BRIEF DESCRIPTION OF THE DRAWINGS
[0010] The present invention is illustrated by way of example and
not limited in the accompanying figures in which like reference
numerals indicate similar elements and in which:
[0011] FIG. 1 is a block diagram representing example components
that may be used to compute plane data from a two-dimensional (2D)
depth image according to one or more example implementations.
[0012] FIG. 2 is a representation of an example of a relationship
between a depth camera's view plane, a distance to a plane, a row
height, and a camera height, that may be used to compute plane data
according to one or more example implementations.
[0013] FIG. 3 is a representation of how sampling strips (patches)
of depth data corresponding to a captured image may be used to
detect planes, according to one or more example
implementations.
[0014] FIG. 4 is a representation of how row heights and distances
relate to a reference plane (e.g., a floor), according to one or
more example implementations.
[0015] FIG. 5 is a representation of how sampling strips (patches)
of depth data corresponding to a captured image may be used to
detect planes and camera roll, according to one or more example
implementations.
[0016] FIG. 6 is a flow diagram representing example steps that may
be taken to determine a reference plane by processing 2D depth
data, according to one or more example implementations.
[0017] FIG. 7 is a block diagram representing an exemplary
non-limiting computing system or operating environment, in the form
of a gaming system, into which one or more aspects of various
embodiments described herein can be implemented.
DETAILED DESCRIPTION
[0018] Various aspects of the technology described herein are
generally directed towards plane detection without the need for
building a 3D point cloud, thereby gaining significant
computational savings relative to traditional methods. At the same
time, the technology achieves high-quality plane extraction from
the scene. High performance plane detection is achieved this by
taking advantage of specific depth image properties that a depth
sensor (e.g., such as using Microsoft Corporation's Kinect.TM.
technology) produces when a flat surface is in the view.
[0019] In general, the technology is based on applying an
analytical function that describes how a patch of flat surface
`should` look like when viewed by a depth sensor that produces a 2D
pixel representation of distances from objects on the scene to a
plane of view (that is, a plane that is perpendicular to the center
ray entering the sensor at a right angle).

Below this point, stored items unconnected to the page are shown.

(* Let $N\ge2$, $x_1>x_2>\cdots>x_N$ be real, and $\rho=\sum_{j=1}^N\rho_j\delta_{x_j}$ with $\rho_j>0$, $\sum\rho_j=1$. For $t\ge0$ let $\rho_t=e^{2tx}d\rho(x)/\int e^{2tx}d\rho(x)$, and for $1\le j\le N$ let $x_1^{(j)}(t)>\cdots>x_j^{(j)}(t)$ be the zeros of the monic orthogonal polynomial $P_j(x;\rho_t)$. Then for each $j=1,\dots,N$ and $k=1,\dots,j$, $\lim_{t\to\infty}x_k^{(j)}(t)=x_k$, and moreover $|x_k^{(j)}(t)-x_k|=O(e^{-ct})$ as $t\to\infty$, where $c=\min_{i=1,\dots,N-1}(x_i-x_{i+1})$.
   Context: $P_j(x;\rho_t)$ is the unique monic polynomial of degree $j$ orthogonal in $L^2(\rho_t)$ to all polynomials of degree less than $j$; its zeros are real and simple. *)

From HB Require Import structures.
From mathcomp Require Import all_boot all_order all_algebra.
From mathcomp Require Import all_classical all_reals all_analysis.
Set Implicit Arguments. Unset Strict Implicit. Unset Printing Implicit Defensive.
Import Order.TTheory GRing.Theory Num.Theory.
Local Open Scope ring_scope.

(* Points x 1 > ... > x N, weights rho 1, ..., rho N (1-based, as in the paper).
   rho = sum_i rho_i delta_{x_i};  rho_t = e^{2tx} d rho(x) / int e^{2tx} d rho. *)

Definition Zt (R : realType) (N : nat) (rho x : nat -> R) (t : R) : R :=
  \sum_(1 <= i < N.+1) rho i * expR (2 * t * x i).

Definition wt (R : realType) (N : nat) (rho x : nat -> R) (t : R) (i : nat) : R :=
  rho i * expR (2 * t * x i) / Zt N rho x t.

Definition ipt (R : realType) (N : nat) (rho x : nat -> R) (t : R)
    (p q : {poly R}) : R :=
  \sum_(1 <= i < N.+1) wt N rho x t i * p.[x i] * q.[x i].

(* P is a monic polynomial of degree j orthogonal in L^2(rho_t) to all
   polynomials of degree < j (i.e. P = P_j(x; rho_t), which is unique). *)
Definition is_monic_OP (R : realType) (N : nat) (rho x : nat -> R) (t : R)
    (j : nat) (P : {poly R}) : Prop :=
  P \is monic /\ size P = j.+1 /\
  forall q : {poly R}, (size q <= j)%N -> ipt N rho x t P q = 0.

Definition mingap (R : realType) (N : nat) (x : nat -> R) : R :=
  \big[Num.min/(x 1%N - x 2%N)]_(1 <= i < N) (x i - x i.+1).

From HB Require Import structures.
From mathcomp Require Import all_boot all_order all_algebra.
From mathcomp Require Import all_classical all_reals all_analysis.
From mathcomp Require Import ring lra.
Import Order.TTheory GRing.Theory Num.Theory.
Import numFieldNormedType.Exports.
Local Open Scope classical_set_scope.
Local Open Scope ring_scope.
Set Implicit Arguments. Unset Strict Implicit. Unset Printing Implicit Defensive.

(* P_j(.; rho_t) minimises the L^2(rho_t) norm among monic polynomials of
   degree j.  Comparing it with prod_(m <= j) (X - x_m), which vanishes at
   x_1, ..., x_j, bounds rho_t(x_k) P_j(x_k)^2 by the weights of x_(j+1), ...,
   x_N, and relative to rho_t(x_k) these are O(e^(-2ct)); hence
   |P_j(x_k)| = O(e^(-ct)) for every k <= j.  Once this is below (c/4)^j, each
   node x_m has a zero within c/4, and as these neighbourhoods are disjoint and
   ordered like the zeros, it is the m-th zero.  The other factors of
   |P_j(x_k)| = prod_m |x_k - z_m| are then at least c/4, which leaves
   |x_k - z_k| = O(e^(-ct)). *)

Lemma size_subr_monic (R : nzRingType) (p q : {poly R}) :
  p \is monic -> q \is monic -> size p = size q -> (size (p - q)%R < size p)%N.
Proof.
move=> mp mq spq; case sp: (size p) => [|n].
  by move/eqP: sp; rewrite size_poly_eq0 (negbTE (monic_neq0 mp)).
rewrite ltnS; apply/leq_sizeP => i; rewrite leq_eqVlt => /predU1P[<-|lt_ni].
  by rewrite coefB -[n]/(n.+1.-1) -sp -lead_coefE spq -lead_coefE !(monicP _) ?subrr.
by rewrite coefB !nth_default ?subrr -?spq ?sp.
Qed.

Lemma horner_monic_decr_roots (R : realFieldType) (p : {poly R}) (j : nat)
    (z : nat -> R) :
  p \is monic -> size p = j.+1 ->
  (forall k l, (1 <= k)%N -> (k < l)%N -> (l <= j)%N -> z l < z k) ->
  (forall k, (1 <= k <= j)%N -> root p (z k)) ->
  forall y, p.[y] = \prod_(1 <= m < j.+1) (y - z m).
Proof.
move=> monp sizep z_decr z_root y.
have uniq_z : uniq_roots (map z (index_iota 1 j.+1)).
  rewrite uniq_rootsE map_inj_in_uniq ?iota_uniq // => a b.
  rewrite !mem_index_iota => /andP[a_gt0 aj] /andP[b_gt0 bj] zab.
  case: (ltngtP a b) => // [ab|ba].
  - by have := z_decr a b a_gt0 ab bj; rewrite zab ltxx.
  - by have := z_decr b a b_gt0 ba aj; rewrite zab ltxx.
have all_root : all (root p) (map z (index_iota 1 j.+1)).
  by apply/allP => w /mapP[m]; rewrite mem_index_iota => mj ->; exact: z_root.
rewrite (all_roots_prod_XsubC _ all_root uniq_z) ?size_map ?size_iota ?subn1 //.
rewrite (monicP monp) scale1r horner_prod big_map.
by apply: eq_bigr => m _; rewrite hornerXsubC.
Qed.

Lemma total_increasing_rel_refl (j : nat) (r : nat -> nat -> Prop) :
  (forall m, (1 <= m <= j)%N -> exists2 m', (1 <= m' <= j)%N & r m m') ->
  (forall m m1 m2, (1 <= m)%N -> (m < j)%N -> (1 <= m1 <= j)%N ->
     (1 <= m2 <= j)%N -> r m m1 -> r m.+1 m2 -> (m1 < m2)%N) ->
  forall m, (1 <= m <= j)%N -> r m m.
Proof.
move=> r_total r_incr.
have le_rel m : (1 <= m <= j)%N -> forall m', (1 <= m' <= j)%N -> r m m' -> (m <= m')%N.
  elim: m => [|m IH] mj m' m'j rmm'; first by case/andP: m'j.
  have [->|m_gt0] := posnP m; first by case/andP: m'j.
  have m_lt_j : (m < j)%N by case/andP: mj.
  have mj' : (1 <= m <= j)%N by rewrite m_gt0 ltnW.
  have [m'' m''j rmm''] := r_total m mj'.
  have le_mm'' := IH mj' m'' m''j rmm''.
  exact: leq_ltn_trans le_mm'' (r_incr m m'' m' m_gt0 m_lt_j m''j m'j rmm'' rmm').
have ge_rel d m : (m + d = j)%N -> (1 <= m)%N -> forall m', (1 <= m' <= j)%N ->
    r m m' -> (m' <= m)%N.
  elim: d m => [|d IH] m mdj m_gt0 m' m'j rmm'; first by case/andP: m'j; rewrite -mdj addn0.
  have m_lt_j : (m < j)%N by rewrite -mdj addnS ltnS leq_addr.
  have [m'' m''j rm1m''] := r_total m.+1 m_lt_j.
  have le_m''m1 := IH m.+1 (etrans (addSnnS m d) mdj) isT m'' m''j rm1m''.
  exact: leq_trans (r_incr m m' m'' m_gt0 m_lt_j m'j m''j rmm' rm1m'') le_m''m1.
move=> m /[dup] mj /andP[m_gt0 m_le_j]; have [m' m'j rmm'] := r_total m mj.
suff m'_eq : m' = m by rewrite m'_eq in rmm'.
apply/eqP; rewrite eqn_leq (le_rel m mj m' m'j rmm') andbT.
by rewrite (ge_rel (j - m)%N m) ?subnKC.
Qed.

Lemma nodes_near_roots (R : realFieldType) (j : nat) (eta : R) (x z : nat -> R) :
  0 <= eta ->
  (forall m1 m2, (1 <= m1)%N -> (m1 < m2)%N -> (m2 <= j)%N -> 2 * eta < x m1 - x m2) ->
  (forall m1 m2, (1 <= m1)%N -> (m1 < m2)%N -> (m2 <= j)%N -> z m2 < z m1) ->
  (forall m, (1 <= m <= j)%N -> `|\prod_(1 <= i < j.+1) (x m - z i)| < eta ^+ j) ->
  forall m, (1 <= m <= j)%N -> `|x m - z m| <= eta.
Proof.
move=> eta_ge0 x_gap z_decr small m mj.
apply: (@total_increasing_rel_refl j (fun m m' => `|x m - z m'| <= eta)) => //.
- move=> {}m {}mj; apply: contrapT => no_close.
  have far i : (1 <= i <= j)%N -> eta <= `|x m - z i|.
    by move=> ij; rewrite leNgt; apply/negP => /ltW close; apply: no_close; exists i.
  have eta_pow : eta ^+ j = \prod_(1 <= i < j.+1) eta by rewrite prodr_const_nat subn1.
  have := small m mj; rewrite normr_prod eta_pow ltNge => /negP; apply.
  rewrite big_seq_cond [leRHS]big_seq_cond; apply: ler_prod => i.
  by rewrite andbT mem_index_iota eta_ge0 => /far.
- move=> m1 m1' m2' m1_gt0 m1j m1'j m2'j.
  rewrite !ler_norml => /andP[near1_lo near1_hi] /andP[near2_lo near2_hi].
  have := x_gap m1 m1.+1 m1_gt0 (ltnSn m1) m1j.
  case: (ltngtP m1' m2') => // [m2'_lt|eq_m'] gap.
  + have := z_decr m2' m1' (proj1 (andP m2'j)) m2'_lt (proj2 (andP m1'j)); lra.
  + rewrite eq_m' in near1_lo near1_hi; lra.
Qed.

Lemma prodr_const_nat_neq (R : comNzRingType) (a : R) (j k : nat) : (1 <= k <= j)%N ->
  \prod_(1 <= m < j.+1 | m != k) a = a ^+ j.-1.
Proof.
move=> kj; rewrite big_const_seq iter_mulr mulr1; congr (_ ^+ _).
have := count_predC (pred1 k) (index_iota 1 j.+1).
rewrite count_uniq_mem ?iota_uniq // mem_index_iota kj size_iota subn1 add1n.
by move=> /= e; rewrite -[in RHS]e.
Qed.

Lemma node_root_dist_le (R : realFieldType) (j k : nat) (eta : R) (x z : nat -> R) :
  (forall m1 m2, (1 <= m1)%N -> (m1 < m2)%N -> (m2 <= j)%N -> 2 * eta <= x m1 - x m2) ->
  (forall m, (1 <= m <= j)%N -> `|x m - z m| <= eta) ->
  (1 <= k <= j)%N ->
  `|x k - z k| * eta ^+ j.-1 <= `|\prod_(1 <= m < j.+1) (x k - z m)|.
Proof.
move=> x_gap near kj.
have eta_ge0 : 0 <= eta by apply: le_trans (near k kj); exact: normr_ge0.
rewrite normr_prod (bigD1_seq k) ?iota_uniq ?mem_index_iota //= -(prodr_const_nat_neq _ kj).
rewrite ler_wpM2l // big_seq_cond [leRHS]big_seq_cond.
apply: ler_prod => m /andP[]; rewrite mem_index_iota => mj m_neq_k.
rewrite eta_ge0 /= ler_normr.
have := near m mj; rewrite ler_norml => /andP[near_lo near_hi].
case: (ltngtP k m) m_neq_k => // [km|mk] _; apply/orP; [left|right].
- have := x_gap k m (proj1 (andP kj)) km (proj2 (andP mj)); lra.
- have := x_gap m k (proj1 (andP mj)) mk (proj2 (andP kj)); lra.
Qed.

Lemma mingap_le (R : realType) (N : nat) (x : nat -> R) (i l : nat) :
  (forall i l, (1 <= i)%N -> (i < l)%N -> (l <= N)%N -> x l < x i) ->
  (1 <= i)%N -> (i < l)%N -> (l <= N)%N -> mingap N x <= x i - x l.
Proof.
case: l => [//|l] x_decr i_gt0 il lN.
have gap_l : mingap N x <= x l - x l.+1.
  by apply: ge_bigmin_seq; rewrite // mem_index_iota (leq_trans i_gt0 il).
apply: le_trans gap_l _; rewrite lerD2r.
case: (ltngtP i l) => [il'|li|->] //; first exact/ltW/x_decr/ltnW.
by move: il; rewrite ltnS leqNgt li.
Qed.

Lemma mingap_gt0 (R : realType) (N : nat) (x : nat -> R) :
  (2 <= N)%N ->
  (forall i l, (1 <= i)%N -> (i < l)%N -> (l <= N)%N -> x l < x i) ->
  0 < mingap N x.
Proof.
move=> N_ge2 x_decr; rewrite /mingap big_seq.
apply: (big_ind (fun v => 0 < v)); first by rewrite subr_gt0 x_decr.
  by move=> a b a_gt0 b_gt0; rewrite lt_min a_gt0 b_gt0.
by move=> i; rewrite mem_index_iota => /andP[i_gt0 iN]; rewrite subr_gt0 x_decr.
Qed.

Section OrthogonalPolynomialAtNodes.
Variables (R : realType) (N : nat) (rho x : nat -> R).
Hypothesis N_gt0 : (0 < N)%N.
Hypothesis rho_gt0 : forall i, (1 <= i <= N)%N -> 0 < rho i.

Lemma Zt_gt0 t : 0 < Zt N rho x t.
Proof.
rewrite /Zt (bigD1_seq 1%N) ?iota_uniq ?mem_index_iota //= ltr_pwDl //.
  by rewrite mulr_gt0 ?expR_gt0 ?rho_gt0.
rewrite big_seq_cond sumr_ge0 // => i /andP[]; rewrite mem_index_iota => iN _.
by rewrite mulr_ge0 ?expR_ge0 ?ltW ?rho_gt0.
Qed.

Lemma wt_gt0 t i : (1 <= i <= N)%N -> 0 < wt N rho x t i.
Proof. by move=> iN; rewrite divr_gt0 ?Zt_gt0 ?mulr_gt0 ?expR_gt0 ?rho_gt0. Qed.

Lemma wtE t i k : (1 <= k <= N)%N ->
  wt N rho x t i = rho i / rho k * expR (2 * t * (x i - x k)) * wt N rho x t k.
Proof.
move=> kN; rewrite /wt mulrBr expRB; field.
by rewrite !gt_eqF ?Zt_gt0 ?expR_gt0 ?rho_gt0.
Qed.

Lemma wt_horner_le_ipt t p k : (1 <= k <= N)%N ->
  wt N rho x t k * p.[x k] ^+ 2 <= ipt N rho x t p p.
Proof.
move=> kN; rewrite /ipt (bigD1_seq k) ?iota_uniq ?mem_index_iota //= -mulrA -expr2.
rewrite lerDl big_seq_cond sumr_ge0 // => i /andP[]; rewrite mem_index_iota => iN _.
by rewrite -mulrA -expr2 mulr_ge0 ?sqr_ge0 ?ltW ?wt_gt0.
Qed.

Lemma monic_OP_ipt_min t j P Q : is_monic_OP N rho x t j P ->
  Q \is monic -> size Q = j.+1 -> ipt N rho x t P P <= ipt N rho x t Q Q.
Proof.
move=> [monP [sizeP orthP]] monQ sizeQ.
have := orthP (Q - P); rewrite -ltnS -sizeQ size_subr_monic ?sizeP // => /(_ isT) orth.
rewrite -[leLHS]addr0 -(mulr0 2) -orth /ipt mulr_sumr -big_split /=.
rewrite big_seq_cond [leRHS]big_seq_cond; apply: ler_sum => i /andP[].
rewrite mem_index_iota => iN _; rewrite hornerD hornerN.
have := ltW (wt_gt0 t iN).
set w := wt _ _ _ _ _; set a := P.[x i]; set b := Q.[x i] => w_ge0.
have -> : w * b * b = w * a * a + 2 * (w * a * (b - a)) + w * (b - a) ^+ 2 by ring.
by rewrite lerDl mulr_ge0 ?sqr_ge0.
Qed.

Definition node_poly (j : nat) : {poly R} := \prod_(1 <= m < j.+1) ('X - (x m)%:P).

Lemma node_poly_monic j : node_poly j \is monic.
Proof. exact: monic_prod_XsubC. Qed.

Lemma size_node_poly j : size (node_poly j) = j.+1.
Proof. by rewrite size_prod_XsubC size_iota subn1. Qed.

[0020] As described herein, a patch of flat surface when viewed
from a such a depth sensor has to fit a form:
Depth=B/(RowIndex-A)
(or D=B/(H-A), where H is the numerical index of the pixel row; for
example, on a 640.times.480 depth image, the index can go from 1 to
480). Depth, or D is the distance to the sensed obstacle measured
at pixel row (H), and A and B are constants describing a
hypothetical plane that goes through an observed obstacle. The
constant A can be interpreted as a "first pixel row index at which
the sensor sees infinity, also known as the "horizon index." B can
be interpreted as a "distance from the plane." Another way to
interpret A and B is to state that A defines the ramp of the plane
as viewed from the sensor, and B defines how high the sensor is
from the surface it is looking at; for a floor, B corresponds to
the camera height above the floor.
[0021] Described herein is an algorithm that finds the A and B
constants from small patches of a depth-sensed frame, thus
providing for classifying the rest of the depth frame pixels as
being `on the plane`, `under the plane` or `above the plain` with
low computational overhead compared to point cloud computations.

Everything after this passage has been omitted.